INSTRUCTIONS FOR THE TASK>
Begin at the first line of the records below and, please, give each line again exactly until the line with "intros HZ HS" is included.

------ DATA UNDER STUDY

Lemma indep_union_outside Z S B :
  subset Z (mground M) -> mindep M S ->
  (forall x, Z x -> ~ S x -> ~ mindep M (add1 (fun y => S y /\ Z y) x)) ->
  maximal_indep_in M Z B -> mindep M (fun x => B x \/ (S x /\ ~ Z x)).
Proof.
  intros HZ HS Hcl HB. apply NNPP; intro Hdep.
  set (W := fun x => B x \/ (S x /\ ~ Z x)).
  assert (HSg := indep_ground S HS).
  assert (HBZ := proj1 (proj2 HB)).
  destruct (indep_extend W B) as (Q & HBQ & HQ);
    [intros z [Hz | [Hz _]]; [exact (HZ z (HBZ z Hz)) | exact (HSg z Hz)]
    | exact (proj1 HB) | intros z Hz; left; exact Hz |].
  destruct (classic (exists s, W s /\ ~ Q s)) as [(s & HWs & HQs) | Hno].
  2:{ apply Hdep, (indep_subset W Q (proj1 HQ)). intros z Hz.
      apply NNPP; intro HQz. apply Hno. exists z; auto. }
  assert (Hs : S s /\ ~ Z s) by (destruct HWs as [HBs | Hs]; [exfalso; exact (HQs (HBQ s HBs)) | exact Hs]).
  set (U := fun x => B x \/ S x).
  assert (HQU : maximal_indep_in M U Q).
  { split; [exact (proj1 HQ) | split].
    - intros z Hz. destruct (proj1 (proj2 HQ) z Hz) as [HBz | [HSz _]]; [left | right]; assumption.
    - intros Q' HQ' HQQ' HQ'U. apply (proj2 (proj2 HQ) Q' HQ' HQQ'). intros x Hx.
      destruct (classic (Z x)) as [HZx | HZx].
      + left. apply (maximal_indep_in_add1 Z B x HB HZx), (indep_subset _ Q' HQ').
        intros w [Hw | ->]; [exact (HQQ' w (HBQ w Hw)) | exact Hx].
      + destruct (HQ'U x Hx) as [HBx | HSx]; [left; exact HBx | right; split; assumption]. }
  set (L := fun x => (S x /\ Z x) \/ (Q x /\ ~ Z x)).
  assert (HLS : subset L S).
  { intros z [[Hz _] | [HQz HZz]]; [exact Hz |].
    destruct (proj1 (proj2 HQ) z HQz) as [HBz | [HSz _]]; [exfalso; exact (HZz (HBZ z HBz)) | exact HSz]. }
  destruct (indep_augment_in U L s Q) as (x & HQx & HLx & HLxi).
  - intros z [Hz | Hz]; [exact (HZ z (HBZ z Hz)) | exact (HSg z Hz)].
  - exact (indep_subset L S HS HLS).
  - intros z Hz. right. exact (HLS z Hz).
  - right; exact (proj1 Hs).
  - intros [[_ HZs] | [HQs' _]]; [exact (proj2 Hs HZs) | exact (HQs HQs')].
  - apply (indep_subset _ S HS). intros z [Hz | ->]; [exact (HLS z Hz) | exact (proj1 Hs)].
  - exact HQU.
  - destruct (classic (Z x)) as [HZx | HZx].
    + apply (Hcl x HZx); [intro HSx; apply HLx; left; split; assumption |].
      apply (indep_subset _ _ HLxi). intros w [Hw | ->]; [left; left; exact Hw | right; reflexivity].
    + apply HLx. right. split; assumption.
Qed.

Lemma circuit_restr X C :
  subset X (mground M) -> (circuit (restr M X) C <-> circuit M C /\ subset C X).
Proof.
  intros HX. split.
  - intros ((HCX & HC) & HCmin). split; [| exact HCX]. split.
    + split; [intros z Hz; exact (HX z (HCX z Hz)) | intro HCi; exact (HC (conj HCi HCX))].
    + intros D HDC (_ & HD). apply HCmin; [exact HDC |].
      split; [intros z Hz; exact (HCX z (HDC z Hz)) | intros (HDi & _); exact (HD HDi)].
  - intros (((_ & HC) & HCmin) & HCX). split.
    + split; [exact HCX | intros (HCi & _); exact (HC HCi)].
    + intros D HDC (HDX & HD). apply HCmin; [exact HDC |].
      split; [intros z Hz; exact (HX z (HDX z Hz)) | intro HDi; exact (HD (conj HDi HDX))].
Qed.

Lemma spans_restr X I e :
  subset X (mground M) -> subset I X -> X e -> (spans (restr M X) I e <-> spans M I e).
Proof.
  intros HX HIX HXe. unfold spans. split.
  - intros [HIe | (C & HC & HCe & HCI)]; [left; exact HIe | right].
    exists C. split; [exact (proj1 (proj1 (circuit_restr X C HX) HC)) | split; assumption].
  - intros [HIe | (C & HC & HCe & HCI)]; [left; exact HIe | right].
    exists C. split; [| split; assumption].
    apply (circuit_restr X C HX). split; [exact HC |]. intros z Hz.
    destruct (classic (z = e)) as [-> | Hze]; [exact HXe | exact (HIX z (HCI z (conj Hz Hze)))].
Qed.

End Matroid.

Section Family.

Context {T K : Type} (E : pset T) (M : K -> matroid T).
Hypothesis HM : forall k, is_matroid (M k).
Hypothesis HE : forall k x, mground (M k) x <-> E x.

Lemma subset_ground X k : subset X E -> subset X (mground (M k)).
Proof. intros HXE z Hz. exact (proj2 (HE k z) (HXE z Hz)). Qed.

Lemma covering_restr_ground S : covering M E S -> covering (restr_fam M E) E S.
Proof.
  intros (HS & HScov). split; [| exact HScov].
  intro k. split; [exact (HS k) |]. intros z Hz. exact (proj1 (HE k z) (indep_ground _ (HM k) _ (HS k) z Hz)).
Qed.

Lemma covering_restr_subset Y X R :
  covering (restr_fam M Y) Y R -> subset X Y ->
  covering (restr_fam M X) X (fun k x => R k x /\ X x).
Proof.
  intros (HR & HRcov) HXY. split.
  - intro k. split; [| intros z (_ & Hz); exact Hz].
    apply (indep_subset _ (HM k) _ (R k) (proj1 (HR k))). intros z (Hz & _); exact Hz.
  - intro x. split.
    + intro Hx. destruct (proj1 (HRcov x) (HXY x Hx)) as (k & Hk). exists k. split; assumption.
    + intros (k & _ & Hx). exact Hx.
Qed.

Lemma covering_restr_exists X :
  (exists S, covering M E S) -> subset X E -> exists R, covering (restr_fam M X) X R.
Proof.
  intros (S & HS) HXE. eexists. exact (covering_restr_subset E X S (covering_restr_ground S HS) HXE).
Qed.

Lemma Mtight_spans X R k e :
  Mtight M E X -> covering (restr_fam M X) X R -> X e -> spans (M k) (R k) e.
Proof.
  intros (HXE & _ & Htight) HR HXe.
  apply (spans_restr (M k) X (R k) e (subset_ground X k HXE) (proj2 (proj1 HR k)) HXe).
  exact (Htight R HR k e HXe).
Qed.

Lemma Mtight_intro X :
  subset X E -> (exists R, covering (restr_fam M X) X R) ->
  (forall R, covering (restr_fam M X) X R -> forall k e, X e -> spans (M k) (R k) e) ->
  Mtight M E X.
Proof.
  intros HXE HR Hsp. split; [exact HXE | split; [exact HR |]].
  intros R' HR' k e HXe.
  apply (spans_restr (M k) X (R' k) e (subset_ground X k HXE) (proj2 (proj1 HR' k)) HXe).
  exact (Hsp R' HR' k e HXe).
Qed.

Lemma Mtight_bigunion {A} (X : A -> pset T) :
  (exists S, covering M E S) -> (forall a, Mtight M E (X a)) -> Mtight M E (bigunion X).
Proof.
  intros Hcov HX.
  assert (HUE : subset (bigunion X) E) by (intros z (a & Hz); exact (proj1 (HX a) z Hz)).
  apply (Mtight_intro _ HUE (covering_restr_exists _ Hcov HUE)).
  intros R HR k e (a & HXe).
  assert (HRa := covering_restr_subset _ (X a) R HR (fun z Hz => ex_intro _ a Hz)).
  destruct (Mtight_spans (X a) _ k e (HX a) HRa HXe) as [(HRe & _) | (C & HC & HCe & HCR)];
    [left; exact HRe | right].
  exists C. split; [exact HC | split; [exact HCe |]].
  intros z Hz. exact (proj1 (HCR z Hz)).
Qed.

Lemma bigcap_not_indep_add1 {A} (a0 : A) (X : A -> pset T) S k x :
  (forall a, Mtight M E (X a)) -> covering (restr_fam M E) E S -> bigcap X x -> ~ S k x ->
  ~ mindep (M k) (add1 (fun y => S k y /\ bigcap X y) x).
Proof.
  intros HX HS Hx HSx.
  apply (not_indep_add1_bigcap (M k) (HM k) a0 X (S k) x (proj1 (proj1 HS k))
           (subset_ground (X a0) k (proj1 (HX a0)) x (Hx a0)) HSx).
  intro a. exact (Mtight_spans (X a) _ k x (HX a)
                    (covering_restr_subset E (X a) S HS (proj1 (HX a))) (Hx a)).
Qed.

Lemma maximal_indep_in_disjoint X Z S B i j e :
  Mtight M E X -> subset Z X -> covering (restr_fam M E) E S ->
  (forall k x, Z x -> ~ S k x -> ~ mindep (M k) (add1 (fun y => S k y /\ Z y) x)) ->
  (forall k, maximal_indep_in (M k) Z (B k)) -> (forall x, Z x -> exists k, B k x) ->
  B i e -> B j e -> i = j.
Proof.
  intros HX HZX HS Hcl HB HBcov HBie HBje. apply NNPP; intro Hij.
  assert (HXE := proj1 HX).
  assert (HBZ : forall k, subset (B k) Z) by (intro k; exact (proj1 (proj2 (HB k)))).
  set (SX := fun k x => S k x /\ X x).
  assert (HSX := covering_restr_subset E X S HS HXE).
  set (Tk := fun k x => B k x \/ (SX k x /\ ~ Z x)).
  assert (HT : forall k, mindep (M k) (Tk k)).
  { intro k. apply (indep_union_outside (M k) (HM k) Z (SX k) (B k)).
    - exact (subset_ground Z k (fun z Hz => HXE z (HZX z Hz))).
    - exact (proj1 (proj1 HSX k)).
    - intros x HZx HSXx Hi. apply (Hcl k x HZx); [intro HSx; exact (HSXx (conj HSx (HZX x HZx))) |].
      apply (indep_subset _ (HM k) _ _ Hi).
      intros z [(Hz & HZz) | ->]; [left; split; [split |] | right]; auto.
    - exact (HB k). }
  set (T' := fun k x => Tk k x /\ ~ (k = j /\ x = e)).
  assert (HT' : covering (restr_fam M X) X T').
  { split.
    - intro k. split.
      + apply (indep_subset _ (HM k) _ (Tk k) (HT k)). intros z (Hz & _); exact Hz.
      + intros z ([HBz | ((_ & HXz) & _)] & _); [exact (HZX z (HBZ k z HBz)) | exact HXz].
    - intro x. split.
      + intro HXx. destruct (classic (Z x)) as [HZx | HZx].
        * destruct (classic (x = e)) as [-> | Hxe].
          -- exists i. split; [left; exact HBie | intros (-> & _); exact (Hij eq_refl)].
          -- destruct (HBcov x HZx) as (k & Hk).
             exists k. split; [left; exact Hk | intros (_ & Hxe'); exact (Hxe Hxe')].
        * destruct (proj1 (proj2 HS x) (HXE x HXx)) as (k & Hk).
          exists k. split; [right; split; [split |]; assumption |].
          intros (_ & ->). exact (HZx (HBZ i e HBie)).
      + intros (k & [HBx | ((_ & HXx) & _)] & _); [exact (HZX x (HBZ k x HBx)) | exact HXx]. }
  apply (indep_not_spans (M j) (HM j) (T' j) (Tk j) e (HT j) (or_introl HBje)).
  - intros z (Hz & _); exact Hz.
  - intros (_ & Hn). exact (Hn (conj eq_refl eq_refl)).
  - exact (Mtight_spans X T' j e HX HT' (HZX e (HBZ j e HBje))).
Qed.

------------

FINAL ANSWER>
Lemma indep_union_outside Z S B :
  subset Z (mground M) -> mindep M S ->
  (forall x, Z x -> ~ S x -> ~ mindep M (add1 (fun y => S y /\ Z y) x)) ->
  maximal_indep_in M Z B -> mindep M (fun x => B x \/ (S x /\ ~ Z x)).
Proof.
  intros HZ HS Hcl HB. apply NNPP; intro Hdep.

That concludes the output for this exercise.